In contrast to the data obtained from the older studies, we found receiving 2 cycles of induction chemotherapy before CR is documented was associated with worse outcome in the S0106 and S1203 trials. Specifically, in these two trials, CR achievement only upon reinduction chemotherapy was statistically significantly associated with worse OS (HR=1.82 [1.24–2.66], P=0.002; Supplementary Table 3) or RFS (HR=1.90 [1.34–2.70], P<0.001; Supplementary Table 4). Fitting a model with an interaction between time-period and reinduction, that interaction was significant (for OS: P=0.046; for RFS: P=0.016). Kaplan-Meier estimates of OS and RFS, stratified by older vs. newer studies summarize these results graphically (Figure 1C,D).

These findings indicate adults with newly-diagnosed AML treated on more recent cooperative group trials who achieve remissions early, i.e. with the first cycle of 7+3 chemotherapy, have better survival outlooks than those who need 2 cycles of chemotherapy to enter a CR, even after adjustment for other risk factors. These data are reminiscent of those obtained from trials of double-induction chemotherapy regimens.^7,8 Why the relationship between time of remission achievement and outcome with 7+3 therapy is not seen in older studies is unclear. Possibilities may include the change in anthracycline dose over time (i.e. chemotherapy resistance may be more apparent after the first cycle of chemotherapy with more intense regimens), selection of patients who receive on-study reinduction therapy, and changes in frequency/routine of transplantation, among others.

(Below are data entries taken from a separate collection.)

Lemma connect_pos_path_gt0 x y :
  x != y -> connect pos_edge x y ->
  exists p, [/\ p != [::], last x p = y & 0 < path_min w x p].
Proof.
move=> xy /connectP[p e_p yE].
have p0 : p != [::] by apply: contraNneq xy => p0; rewrite yE p0.
exists p; split => //; rewrite path_min_gt0 //.
by apply: sub_path e_p => a b /andP[].
Qed.

Lemma ind_posE x y : x != y -> ind_pos w x y <-> connect pos_edge x y.
Proof.
move=> xy; split.
  move=> [r [[[p [p0 [py pr]]] _] r_gt0]].
  by rewrite -py connect_pos_path // -path_min_gt0 // pr.
move=> /(connect_pos_path_gt0 xy)[p [p0 py p_gt0]].
have [r r_score] := ind_score_exists x y.
by exists r; split => //; apply: lt_le_trans p_gt0 (r_score.2 p p0 py).
Qed.

Lemma ind_zeroE x y :
  x != y -> 0 <= w x y -> ind_zero w x y <-> ~~ connect pos_edge x y.
Proof.
move=> xy wxy_ge0; split.
  move=> [_ zero_max]; apply/negP => /(connect_pos_path_gt0 xy)[p [p0 py p_gt0]].
  by have := zero_max p p0 py; rewrite leNgt p_gt0.
move=> no_path; have path_le0 p : p != [::] -> last x p = y -> path_min w x p <= 0.
  move=> p0 py; rewrite leNgt; apply: contra no_path => p_gt0.
  by rewrite -py connect_pos_path // -path_min_gt0.
split=> //; exists [:: y]; split=> //; split=> //=.
by apply/eqP; rewrite eq_le wxy_ge0 (path_le0 [:: y]).
Qed.

Lemma irr_equivE x y :
  irr_equiv w x y <-> connect pos_edge x y && connect pos_edge y x.
Proof.
case: (eqVneq x y) => [->|xy]; first by rewrite connect0; split=> // _; left.
have yx : y != x by rewrite eq_sym.
split=> [[/eqP|[/(ind_posE xy)-> /(ind_posE yx)->]] //|]; first by rewrite (negbTE xy).
by case/andP=> /(ind_posE xy) xy_pos /(ind_posE yx) yx_pos; right.
Qed.

Lemma irr_component_connect X x y :
  irr_component w X -> x \in X -> y \in X -> connect pos_edge x y.
Proof.
move=> [c Xc] /Xc/irr_equivE/andP[_ xc] /Xc/irr_equivE/andP[cy _].
exact: connect_trans xc cy.
Qed.

Hypothesis w_ge0 : forall a b, a != b -> 0 <= w a b.

Lemma dominatesE x y :
  dominates w x y <-> connect pos_edge x y && ~~ connect pos_edge y x.
Proof.
case: (eqVneq x y) => [->|xy].
  rewrite connect0; split=> // -[[r [r_score r_gt0]] zero_score].
  by rewrite (ind_score_unique r_score zero_score) ltxx in r_gt0.
have yx : y != x by rewrite eq_sym.
rewrite /dominates (ind_posE xy) (ind_zeroE yx (w_ge0 yx)).
by split=> [[-> ->]|/andP[]].
Qed.

(* The component of [y] is either [X] itself or dominated by [X]; either way
   [X] reaches [y]. *)
Lemma top_dominant_connect X x :
  top_dominant w X -> x \in X -> forall y, connect pos_edge x y.
Proof.
move=> [X_comp X_top] xX y.
pose C := [set z | connect pos_edge y z && connect pos_edge z y].
have C_comp : irr_component w C by exists y => z; rewrite inE irr_equivE.
have yC : y \in C by rewrite inE connect0.
case: (eqVneq C X) => [CX|/(X_top C C_comp)[a [b [aX bC /dominatesE/andP[ab _]]]]].
  by apply: irr_component_connect X_comp xX _; rewrite -CX.
move: bC; rewrite inE => /andP[_ by_].
exact: connect_trans (irr_component_connect X_comp xX aX) (connect_trans ab by_).
Qed.

End IndirectScores.
(* Let $R=K[x_1,\ldots,x_n,x_{n+1}]$ over a field $K$, let $I\subset R$ be a monomial ideal with $\gcd(u,x_{n+1})=1$ for all $u\in\mathcal{G}(I)$, let $\mathfrak{m}=(x_1,\ldots,x_{n+1})$ and $\mathfrak{q}=(x_1,\ldots,x_n)$, assume $I\neq\mathfrak{q}$, and set $L:=I+x_{n+1}\mathfrak{q}$. Suppose that $(I^t:v)=\mathfrak{q}$ for some $t\geq1$ and some monomial $v\in R$, and that there is $\lambda\in\{1,\ldots,n\}$ such that whenever $x_\lambda v=f_1\cdots f_tM$ with $f_1,\ldots,f_t\in\mathcal{G}(I)$ and $M$ a monomial of $R$, there is an index $j$ with $x_\lambda\mid Mf_j$ and $Mf_j/x_\lambda\neq1$. Then $\mathfrak{m}\in\mathrm{Ass}(R/L^t)$.
   Context: $\mathcal{G}(I)$ denotes the unique minimal set of monomial generators of a monomial ideal $I$. *)

From mathcomp Require Import all_boot all_order all_algebra.
From mathcomp Require Import mpoly.
Set Implicit Arguments. Unset Strict Implicit. Unset Printing Implicit Defensive.
Import GRing.Theory.
Local Open Scope ring_scope.

Section Ideals.
Variables (K : fieldType) (k : nat).
Local Notation R := {mpoly K[k]}.

Definition is_ideal (J : R -> Prop) : Prop :=
  [/\ J 0, (forall a b, J a -> J b -> J (a + b)) & (forall r a, J a -> J (r * a))].

Definition ideal_gen (S : R -> Prop) : R -> Prop :=
  fun f => forall J, is_ideal J -> (forall g, S g -> J g) -> J f.

Definition ideal_eq (I J : R -> Prop) : Prop := forall f, I f <-> J f.

Definition ideal_sum (I J : R -> Prop) : R -> Prop :=
  ideal_gen (fun g => I g \/ J g).

Definition ideal_mul (I J : R -> Prop) : R -> Prop :=
  ideal_gen (fun g => exists a b, [/\ I a, J b & g = a * b]).

Fixpoint ideal_pow (I : R -> Prop) (t : nat) : R -> Prop :=
  if t is t'.+1 then ideal_mul (ideal_pow I t') I else (fun _ => True).

Definition ideal_colon (I : R -> Prop) (f : R) : R -> Prop := fun g => I (g * f).

(* monomials are identified with their exponent vectors m : 'X_{1..k},
   the monomial itself being the polynomial 'X_[m] *)
Definition monomial_ideal (I : R -> Prop) : Prop :=
  exists A : 'X_{1..k} -> Prop,
    ideal_eq I (ideal_gen (fun g => exists2 m, A m & g = 'X_[m])).

(* G(I): the minimal monomial generators = monomials of I minimal for divisibility
   among the monomials of I *)
Definition mingens (I : R -> Prop) (u : 'X_{1..k}) : Prop :=
  I 'X_[u] /\ forall w : 'X_{1..k}, I 'X_[w] -> (w <= u)%MM -> w = u.

(* P in Ass(R/J): P is the annihilator of some element (class of f) of R/J *)
Definition is_ass (J : R -> Prop) (P : R -> Prop) : Prop :=
  exists f : R, ideal_eq P (ideal_colon J f).

End Ideals.

From mathcomp Require Import all_boot all_order all_algebra.
From mathcomp Require Import mpoly.
From mathcomp Require Import zify.
From Stdlib Require Import Classical.
Set Implicit Arguments. Unset Strict Implicit. Unset Printing Implicit Defensive.
Import GRing.Theory.
Local Open Scope ring_scope.

(* Everything reduces to exponent vectors.  Let G = G(I), let v0 be v with its
   x_{n+1}-exponent erased, and let G_L = G ∪ {x_{n+1} x_j | j <= n}, which
   generates L.  Since no element of G involves x_{n+1}, (I^t : v) = q gives
   x_i v0 ∈ I^t ⊆ L^t for i <= n, while v0 ∉ L^t because v ∉ I^t.  For the
   remaining variable pick x_{i0} ∉ I (it exists as I ≠ q) and a product
   a b <= x_{i0} v0 with a ∈ G^(t-1), b ∈ G, arranged so that a <= v0.  As
   b ∉ {1, x_{i0}}, some x_j with a x_j <= v0 exists, and
   a (x_{n+1} x_j) <= x_{n+1} v0 shows x_{n+1} v0 ∈ L^t.  Hence v0 is a socle
   monomial of R/L^t and m = (L^t : v0). *)

Section MonomialSets.
Variable k : nat.
Local Notation mon := 'X_{1..k}.

Definition mset_add (S1 S2 : mon -> Prop) : mon -> Prop :=
  fun m => exists a b, [/\ S1 a, S2 b & m = (a + b)%MM].

Fixpoint mset_pow (S : mon -> Prop) (t : nat) : mon -> Prop :=
  if t is t'.+1 then mset_add (mset_pow S t') S else (fun m => m = 0%MM).

Lemma mset_pow_sub (S S' : mon -> Prop) t s :
  (forall m, S m -> S' m) -> mset_pow S t s -> mset_pow S' t s.
Proof.
move=> subSS'; elim: t s => [//|t IH] _ [a [b [Sa Sb ->]]].
by exists a, b; split; [apply: IH | apply: subSS' |].
Qed.

Lemma mset_pow0 (S : mon -> Prop) t : S 0%MM -> mset_pow S t 0%MM.
Proof. by move=> S0; elim: t => [//|t IH]; exists 0%MM, 0%MM; rewrite addm0. Qed.

Lemma mset_pow_not_le_neq0 (S : mon -> Prop) t w u :
  ~ (exists2 s, mset_pow S t s & (s <= w)%MM) -> S u -> u != 0%MM.
Proof.
move=> not_le Su; apply/eqP => u0; apply: not_le; exists 0%MM.
  by apply: mset_pow0; rewrite -u0.
by apply/mnm_lepP => j; rewrite mnm0E.
Qed.

Lemma mset_pow_coord0 (S : mon -> Prop) i t s :
  (forall m, S m -> m i = 0%N) -> mset_pow S t s -> s i = 0%N.
Proof.
move=> S0; elim: t s => [_ -> | t IH _ [a [b [Sa Sb ->]]]]; first by rewrite mnm0E.
by rewrite mnmDE (IH _ Sa) (S0 _ Sb).
Qed.

Lemma mset_pow_restrict (S S' : mon -> Prop) i t s :
  (forall m, S' m -> S m \/ m i != 0%N) ->
  mset_pow S' t s -> s i = 0%N -> mset_pow S t s.
Proof.
move=> S'S; elim: t s => [//|t IH] _ [a [b [S'a S'b ->]]].
rewrite mnmDE => /eqP; rewrite addn_eq0 => /andP[/eqP a0 /eqP b0].
exists a, b; split => //; first exact: IH.
by case: (S'S _ S'b) => //; rewrite b0.
Qed.

Lemma mset_pow_split_coord (S : mon -> Prop) i t s :
  mset_pow S t.+1 s -> s i != 0%N ->
  exists a b, [/\ mset_pow S t a, S b, b i != 0%N & s = (a + b)%MM].
Proof.
elim: t s => [|t IH] _ [a [b [Sa Sb ->]]]; rewrite mnmDE => si.
  by exists a, b; split => //; move: Sa si => /= ->; rewrite mnm0E.
have [bi | bi0] := eqVneq (b i) 0%N; last by exists a, b.
have [|a' [b' [Sa' Sb' b'i ->]]] := IH a Sa; first by rewrite bi addn0 in si.
exists (a' + b)%MM, b'; split => //; first by exists a', b.
by rewrite -!addmA [(b' + b)%MM]addmC.
Qed.

(* The split is chosen so that the last factor carries x_i whenever the
   product exceeds w in coordinate i. *)
Lemma mset_pow_split_le (S : mon -> Prop) i t w s :
  mset_pow S t.+1 s -> (s <= U_(i) + w)%MM ->
  exists a b, [/\ mset_pow S t a, S b, (a <= w)%MM & (a + b <= U_(i) + w)%MM].
Proof.
move=> Ss le_s; have [si_le | w_lt] := leqP (s i) (w i).
  case: Ss => a [b [Sa Sb s_ab]]; exists a, b; split; rewrite -?s_ab //.
  apply/mnm_lepP => j; move/mnm_lepP: le_s => /(_ j); move: si_le.
  by rewrite s_ab !mnmDE mnm1E; case: (eqVneq i j) => [<-|_] /=; lia.
have [|a [b [Sa Sb bi s_ab]]] := mset_pow_split_coord (i := i) Ss; first by lia.
exists a, b; split; rewrite -?s_ab //.
apply/mnm_lepP => j; move/mnm_lepP: le_s => /(_ j); move: bi.
by rewrite s_ab !mnmDE mnm1E; case: (eqVneq i j) => [<-|_] /=; lia.
Qed.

Finally, having found evidence that early achievement of morphologic CR was associated with survival with 7+3 chemotherapy, we examined whether data from MRD tests provide additional prognostic information in such patients. For S0106, we previously reported patients in remission without flow cytometric evidence of MRD after completion of induction chemotherapy (either 1 or 2 courses of 7+3) had better outcomes than patients who achieved CR with up to 2 courses of chemotherapy but had a positive MRD test.¹⁵ Here, we limited these analyses to patients who achieved a morphologic CR with the first cycle of 7+3 and had data from MRD testing available (n=70). Acknowledging limited power in these analyses because of a relatively small sample size, we found having a negative MRD test (n=55) after cycle 1 was associated with statistically significantly better OS (P=0.049) and a trend toward better RFS (P=0.098) compared to having a positive MRD test after cycle 1 (n=15; Figure 1E,F). Patients who tested negative for MRD after the first cycle of 7+3 also had significantly better RFS (p=0.02) and a statistically non-significant trend (p=0.11) toward better OS than those who achieved a MRD test-negative CR only after 2 therapy cycles (Supplementary Figure 1). Together, our findings not only highlight the prognostic significance of achieving a remission early but also support the value of “MRD^neg CR” as recently proposed by the European LeukemiaNet² as new response entity.